It appears some people are offended by your exuberance.  Ignore them ;-)

> ...
> And it turns out that if you do that, PyFloat_RichCompare becomes ONE LINE
> (after we set op=Py_LT)!!! Just

Right.  And this is why floats will likely be the best case for your
approach:  all the overheads of finding "the right" bottom-level
comparison are weighed against what's basically a single machine
instruction to do the actual work of comparing two floats.

> return (PyFloat_AS_DOUBLE(v) < PyFloat_AS_DOUBLE(w)) == 0 ? Py_False :
> Py_True;

In real life, this is better written as:

return (PyFloat_AS_DOUBLE(v) < PyFloat_AS_DOUBLE(w)) ? Py_True  : Py_False;

That is, the comparison to 0 was an artificial complication left over
from simplifying the code.

However, that code is buggy, in a way that may not show up for a long
time.  Keeping track of reference counts is crucial.  It needs to be
more like:

PyObject *res:
res = (PyFloat_AS_DOUBLE(v) < PyFloat_AS_DOUBLE(w)) ? Py_True  : Py_False;
Py_INCREF(res);
return res;

> So I thought, wow, this will give some nice numbers!

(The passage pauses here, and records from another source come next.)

(* Let $X$ be a convex metric space over a Boolean ring $B$ which is a convex closure of a subset $H\subseteq X$ with $0\in H$, and let $f:X\to Y$ be a contractive map into a metric space $Y$ over $B$ with $f(0)=0'$. Then $f^{-1}(0')$ equals the set of all convex combinations (in $X$) of elements of $\{0\}\cup\{\overline{d'(0',f(x))}\,x : x\in H\}$, where for $a\in B$ and $x\in X$, $ax$ denotes the convex combination of $x,0$ with coefficients $a,\bar a$.
   Context: $B$ is a Boolean ring ($a\vee b=a+b+ab$, $a\le b\iff ab=a$, $\bar a=1+a$; $a_1\oplus\cdots\oplus a_n$ denotes a sum of pairwise disjoint elements). A Boolean metric space over $B$: set $X$ with $d:X\times X\to B$, $d(x,y)=0\iff x=y$, symmetric, $d(x,z)\le d(x,y)\vee d(y,z)$. For $x_1,\dots,x_n\in X$, $a_i\in B$ with $a_1\oplus\cdots\oplus a_n=1$, $x$ is a convex combination of the $x_i$ with coefficients $a_i$ if $a_id(x,x_i)=0$ for all $i$; $X$ is convex if all such combinations exist; $X$ is a convex closure of $H\subseteq X$ if $X$ is convex and every element of $X$ is a convex combination of elements of $H$. $d'$ is the metric of $Y$. A map is contractive if $d'(f(x),f(y))\le d(x,y)$. *)

From HB Require Import structures.
From mathcomp Require Import all_boot all_order all_algebra.
Set Implicit Arguments. Unset Strict Implicit. Unset Printing Implicit Defensive.
Import GRing.Theory.
Local Open Scope ring_scope.

Definition boolean_ring (B : comPzRingType) : Prop := forall a : B, a * a = a.

Definition bjoin {B : comPzRingType} (a b : B) : B := a + b + a * b.
Definition ble {B : comPzRingType} (a b : B) : Prop := a * b = a.
Definition bcompl {B : comPzRingType} (a : B) : B := 1 + a.

Definition boolean_metric (B : comPzRingType) (X : Type) (d : X -> X -> B) : Prop :=
  [/\ (forall x y, d x y = 0 <-> x = y),
      (forall x y, d x y = d y x) &
      (forall x y z, ble (d x z) (bjoin (d x y) (d y z)))].

Definition disjoint_sum_one (B : comPzRingType) (n : nat) (a : 'I_n -> B) : Prop :=
  (forall i j : 'I_n, i != j -> a i * a j = 0) /\ \sum_(i < n) a i = 1.

Definition convex_comb (B : comPzRingType) (X : Type) (d : X -> X -> B)
  (n : nat) (xs : 'I_n -> X) (a : 'I_n -> B) (x : X) : Prop :=
  forall i : 'I_n, a i * d x (xs i) = 0.

Definition convex_space (B : comPzRingType) (X : Type) (d : X -> X -> B) : Prop :=
  forall (n : nat) (xs : 'I_n -> X) (a : 'I_n -> B),
    disjoint_sum_one a -> exists x, convex_comb d xs a x.

Definition convex_comb_of (B : comPzRingType) (X : Type) (d : X -> X -> B)
  (S : X -> Prop) (x : X) : Prop :=
  exists (n : nat) (xs : 'I_n -> X) (a : 'I_n -> B),
    disjoint_sum_one a /\ (forall i, S (xs i)) /\ convex_comb d xs a x.

Definition convex_closure (B : comPzRingType) (X : Type) (d : X -> X -> B)
  (H : X -> Prop) : Prop :=
  convex_space d /\ forall x, convex_comb_of d H x.

(* z = a x, i.e. z is the convex combination of x, 0 with coefficients a, ~a. *)
Definition scal_comb (B : comPzRingType) (X : Type) (d : X -> X -> B)
  (x0 : X) (a : B) (x z : X) : Prop :=
  convex_comb d (fun i : 'I_2 => if val i == 0%N then x else x0)
                (fun i : 'I_2 => if val i == 0%N then a else bcompl a) z.

Definition contractive (B : comPzRingType) (X Y : Type)
  (d : X -> X -> B) (d' : Y -> Y -> B) (f : X -> Y) : Prop :=
  forall x y, ble (d' (f x) (f y)) (d x y).

From HB Require Import structures.
From mathcomp Require Import all_boot all_order all_algebra.
From Stdlib Require ClassicalEpsilon.
Set Implicit Arguments. Unset Strict Implicit. Unset Printing Implicit Defensive.
Import GRing.Theory.
Local Open Scope ring_scope.

(* - Boolean-ring algebra: the order a <= b (ab = a) is compatible with
     annihilation (e b = 0 and a <= b give e a = 0), complement is an
     involution, and a, ~a form a partition of 1.
   - In a Boolean metric space, a convex combination is unchanged when each
     point x_i is replaced by a point w_i with a_i d(x_i, w_i) = 0.
   - For a contractive f, any convex combination of points of the fibre
     lies in the fibre, and so do the scaled points (~d'(y0, f x)) x.
   - Conversely, if z = sum a_i x_i is in the fibre then a_i <= ~d'(y0, f x_i),
     so z is also the combination of the scaled points with the same a_i. *)

Section BooleanOrder.
Variable B : comPzRingType.
Implicit Types c e p q r : B.

Lemma ble_trans p q r : ble p q -> ble q r -> ble p r.
Proof. by rewrite /ble => pq qr; rewrite -pq -mulrA qr. Qed.

Lemma ble_join q r p : ble q p -> ble r p -> ble (bjoin q r) p.
Proof. by rewrite /ble /bjoin => qp rp; rewrite !mulrDl -mulrA rp qp. Qed.

Lemma ble_bcompl c p : c * p = 0 -> ble p (bcompl c).
Proof. by move=> cp; rewrite /ble /bcompl mulrDr mulr1 mulrC cp addr0. Qed.

Lemma ble_mul_eq0 e p q : ble p q -> e * q = 0 -> e * p = 0.
Proof. by rewrite /ble => <- eq0; rewrite mulrCA eq0 mulr0. Qed.

Lemma mul_bjoin_eq0 e q r : e * q = 0 -> e * r = 0 -> e * bjoin q r = 0.
Proof. by rewrite /bjoin => eq0 er0; rewrite !mulrDr mulrA eq0 er0 mul0r !addr0. Qed.

End BooleanOrder.

Section BooleanRing.
Variable B : comPzRingType.
Hypothesis hB : boolean_ring B.
Implicit Types a c p : B.

Lemma addrr_eq0 a : a + a = 0.
Proof.
have h := hB (a + a); rewrite mulrDl !mulrDr !hB in h.
by apply: (addrI (a + a)); rewrite addr0.
Qed.

Lemma bcomplK c : bcompl (bcompl c) = c.
Proof. by rewrite /bcompl addrA addrr_eq0 add0r. Qed.

Lemma ble_bcompl_eq0 p c : ble p c -> ble p (bcompl c) -> p = 0.
Proof. by rewrite /ble /bcompl mulrDr mulr1 => ->; rewrite addrr_eq0. Qed.

Lemma bcompl_partition c :
  disjoint_sum_one (fun i : 'I_2 => if val i == 0%N then c else bcompl c).
Proof.
split.
- move=> [[|[|i]] hi] [[|[|j]] hj] //= _;
    by rewrite /bcompl ?mulrDl ?mulrDr ?mul1r ?mulr1 ?hB ?addrr_eq0.
- by rewrite !big_ord_recr big_ord0 /= add0r /bcompl addrCA addrr_eq0 addr0.
Qed.

End BooleanRing.

Section ConvexCombinations.
Variables (B : comPzRingType) (X : Type) (d : X -> X -> B).
Hypotheses (hB : boolean_ring B) (dmetric : boolean_metric d).

Lemma convex_comb_replace n (xs ws : 'I_n -> X) (a : 'I_n -> B) z :
  (forall i, a i * d (xs i) (ws i) = 0) ->
  convex_comb d xs a z -> convex_comb d ws a z.
Proof.
case: dmetric => _ _ dtri moved zxs i.
exact: ble_mul_eq0 (dtri z (xs i) (ws i)) (mul_bjoin_eq0 (zxs i) (moved i)).
Qed.

Lemma scal_comb_le x0 c x w :
  scal_comb d x0 c x w -> ble (d x w) (bcompl c) /\ ble (d w x0) c.
Proof.
case: dmetric => _ dsym _ cw; split.
- by apply: ble_bcompl; rewrite dsym; exact: (cw ord0).
- by rewrite -[c in ble _ c](bcomplK hB); apply: ble_bcompl; exact: (cw ord_max).
Qed.

Lemma scal_comb_exists x0 c x :
  convex_space d -> exists w, scal_comb d x0 c x w.
Proof. by move=> conv; apply: conv; exact: bcompl_partition. Qed.

End ConvexCombinations.

Section Fibre.
Variables (B : comPzRingType) (X Y : Type).
Variables (d : X -> X -> B) (d' : Y -> Y -> B) (f : X -> Y) (x0 : X) (y0 : Y).
Hypotheses (hB : boolean_ring B) (dmetric : boolean_metric d).
Hypotheses (d'metric : boolean_metric d') (contr : contractive d d' f).
Hypothesis fx0 : f x0 = y0.

(* The fibre of a contractive map is closed under convex combinations:
   a_i d'(f z, y0) <= a_i (d(z, x_i) v d'(f x_i, y0)) = 0 for each i. *)
Lemma fibre_convex_comb n (xs : 'I_n -> X) (a : 'I_n -> B) z :
  disjoint_sum_one a -> (forall i, f (xs i) = y0) ->
  convex_comb d xs a z -> f z = y0.
Proof.
case: d'metric => d0' _ dtri' [_ sum1] fxs zxs; apply/d0'.
rewrite -[d' _ _]mulr1 -sum1 mulr_sumr big1 // => i _; rewrite mulrC.
apply: ble_mul_eq0 (dtri' (f z) (f (xs i)) y0) (mul_bjoin_eq0 _ _).
- exact: ble_mul_eq0 (contr z (xs i)) (zxs i).
- by rewrite fxs (proj2 (d0' y0 y0) erefl) mulr0.
Qed.

(* The scaled point (~d'(y0, f x)) x lies in the fibre: with e = d'(y0, f x),
   d'(f w, y0) is below d(w, x0) <= ~e and below d(w, x) v e <= e. *)
Lemma fibre_scal_comb x w :
  scal_comb d x0 (bcompl (d' y0 (f x))) x w -> f w = y0.
Proof.
case: (d'metric) => d0' dsym' dtri' /(scal_comb_le hB dmetric) [xw wx0].
case: dmetric => _ dsym _; apply/d0'.
apply: (ble_bcompl_eq0 hB (c := bcompl (d' y0 (f x)))).
- by apply: ble_trans wx0; rewrite -fx0; exact: contr.
- apply: ble_trans (dtri' (f w) (f x) y0) (ble_join _ _).
  + by apply: ble_trans (contr w x) _; rewrite dsym.
  + by rewrite bcomplK // dsym' /ble hB.
Qed.

Lemma fibre_coefficients n (xs : 'I_n -> X) (a : 'I_n -> B) z i :
  f z = y0 -> convex_comb d xs a z -> a i * d' y0 (f (xs i)) = 0.
Proof. by move=> <- zxs; exact: ble_mul_eq0 (contr z (xs i)) (zxs i). Qed.

End Fibre.

Theorem mainTheorem20 (B : comPzRingType) (X Y : Type)
  (d : X -> X -> B) (d' : Y -> Y -> B) (x0 : X) (y0 : Y)
  (H : X -> Prop) (f : X -> Y) :
  boolean_ring B ->
  boolean_metric d -> boolean_metric d' ->
  convex_closure d H -> H x0 ->
  contractive d d' f -> f x0 = y0 ->
  forall z : X,
    f z = y0 <->
    convex_comb_of d
      (fun w => w = x0 \/
         exists x, H x /\ scal_comb d x0 (bcompl (d' y0 (f x))) x w) z.
Proof.
move=> hB dmetric d'metric [conv hull] _ contr fx0 z; split.
- (* Write z = sum a_i x_i with x_i in H and replace x_i by w_i = c_i x_i. *)
  move=> fz; have [n [xs [a [a1 [xsH zxs]]]]] := hull z.
  have [ws wsc] := ClassicalEpsilon.choice
    (fun i w => scal_comb d x0 (bcompl (d' y0 (f (xs i)))) (xs i) w)
    (fun i => scal_comb_exists hB x0 _ (xs i) conv).
  exists n, ws, a; split=> //; split=> [i|].
  + by right; exists (xs i).
  + apply: (convex_comb_replace dmetric _ zxs) => i.
    apply: ble_mul_eq0 (fibre_coefficients contr i fz zxs).
    by have [+ _] := scal_comb_le hB dmetric (wsc i); rewrite bcomplK.
- (* Every generator lies in the fibre, which is convex. *)
  move=> [n [xs [a [a1 [xsS zxs]]]]].
  apply: (fibre_convex_comb d'metric contr a1 _ zxs) => i.
  case: (xsS i) => [-> // | [x [_ wsc]]].
  exact: (fibre_scal_comb hB dmetric d'metric contr fx0 wsc).
Qed.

But I underestimated
> the power of this optimization. You have no idea. It's crazy.

It's in the ballpark of what I expected :-)

> Since we're dealing with floats, I used Tim Peter's benchmark:
> Lib/test/sortperf.py, just modifying one function:

It's actually Guido's file, although I probably changed it much more
recently than he did.

As I explained in a different msg, it's _not_ a good benchmark.  It's
good at distinguishing among "really really good", "not a huge
change", and "really really bad", but that's all.  At the start, such
gross distinctions are all anyone should care about.

One thing I'd like to see:  do exactly the same, but comment out your
float specialization.  It's important to see whether sortperf.py says
"not a huge change" then (which I expect, but it needs confirmation).
That is, it's not enough if some cases get 4x faster if it's also that
other cases get much slower.

> ...
> #My function:
> def doit(L):
>     F = FastList(L)
>     f0 = time.perf_counter()
>     F.fastsort()
>     f1 = time.perf_counter()
>     F = FastList(L)
>     t0 = time.perf_counter()
>     F.sort()
>     t1 = time.perf_counter()
>     print("%6.2f%%" % (100*(1-(f1-f0)/(t1-t0))), end=' ')
>     flush()

Numbers in benchmarks always need to be explained, because they're
only clear to the person who wrote the code.  From your code, you're
essentially computing

    (old_time - new_time) / old_time * 100.0

but in an obfuscated way.  So long as the new way is at least as fast,
the only possible values are between 0% and 100%.  That's important to
note.  Other people, e.g., measure these things by putting "new_time"
in the denominator.  Or just compute a ratio, like old_time /
new_time.

They way you're doing it, e.g., "75%" means the new way took only a
quarter of the time of the old way - it means new_time is 75% smaller
than old_time.  I'm comfortable with that, but it's not the _clearest_
way to display timing differences so dramatic; old_time / new_time
would be 4.0 in this case, which is easier to grasp at a glance.

> So the benchmarking here is valid.

No, it sucks ;-)  But it's perfectly adequate for what I wanted to see
from it :-)

> I didn't write it. All I did was modify
> it to print percent improvement instead of sort time. The numbers below are
> percent improvement of my sort vs default sort (just clone my repo and run
> python sortperf.py to verify):
>
>  i    2**i  *sort  \sort  /sort  3sort  +sort  %sort  ~sort  =sort  !sort
> 15   32768  44.11%  54.69%  47.41%  57.61%  50.17%  75.24%  68.03%  65.16%
> 82.16%
> 16   65536  14.14%  75.38%  63.44%  56.56%  67.99%  66.19%  50.72%  61.55%
> 61.87%
> 17  131072  73.54%  60.52%  60.97%  61.63%  52.55%  49.84%  68.68%  84.12%
> 65.90%
> 18  262144  54.19%  55.34%  54.67%  54.13%  55.62%  52.88%  69.30%  74.86%
> 72.66%
> 19  524288  55.12%  53.32%  53.77%  54.27%  52.97%  53.53%  67.55%  76.60%
> 78.56%
> 20 1048576  55.05%  51.09%  60.05%  50.69%  62.98%  50.20%  66.24%  71.47%
> 61.40%

If it _didn't_ suck, all the numbers in a column would be about the same :-)

A meta-note:  when Guido first wrote sortperf.py, machines - and
Python! - were much slower.  Now sorting 2**15 elements goes so fast
that this gross timing approach is especially only good for making the
grossest distinctions.  On my box today, even the slowest case (*sort
on 2**20 elements) takes under half a second.  That's "why" the
numbers in each column are much more stable across the last 3 rows
than across the first 3 rows - the cases in the first 3 rows take so
little time that any timing glitch can skew them badly.

Note that you can pass arguments to sortperf.py to check any range of
power-of-2 values you like, but if you're aware of the pitfalls the
output as-is is fine for me.

> This is just insane. This is crazy.

Yet nevertheless wholly expected ;-)

> ...
> This is so cool.

It is!  Congratulations :-)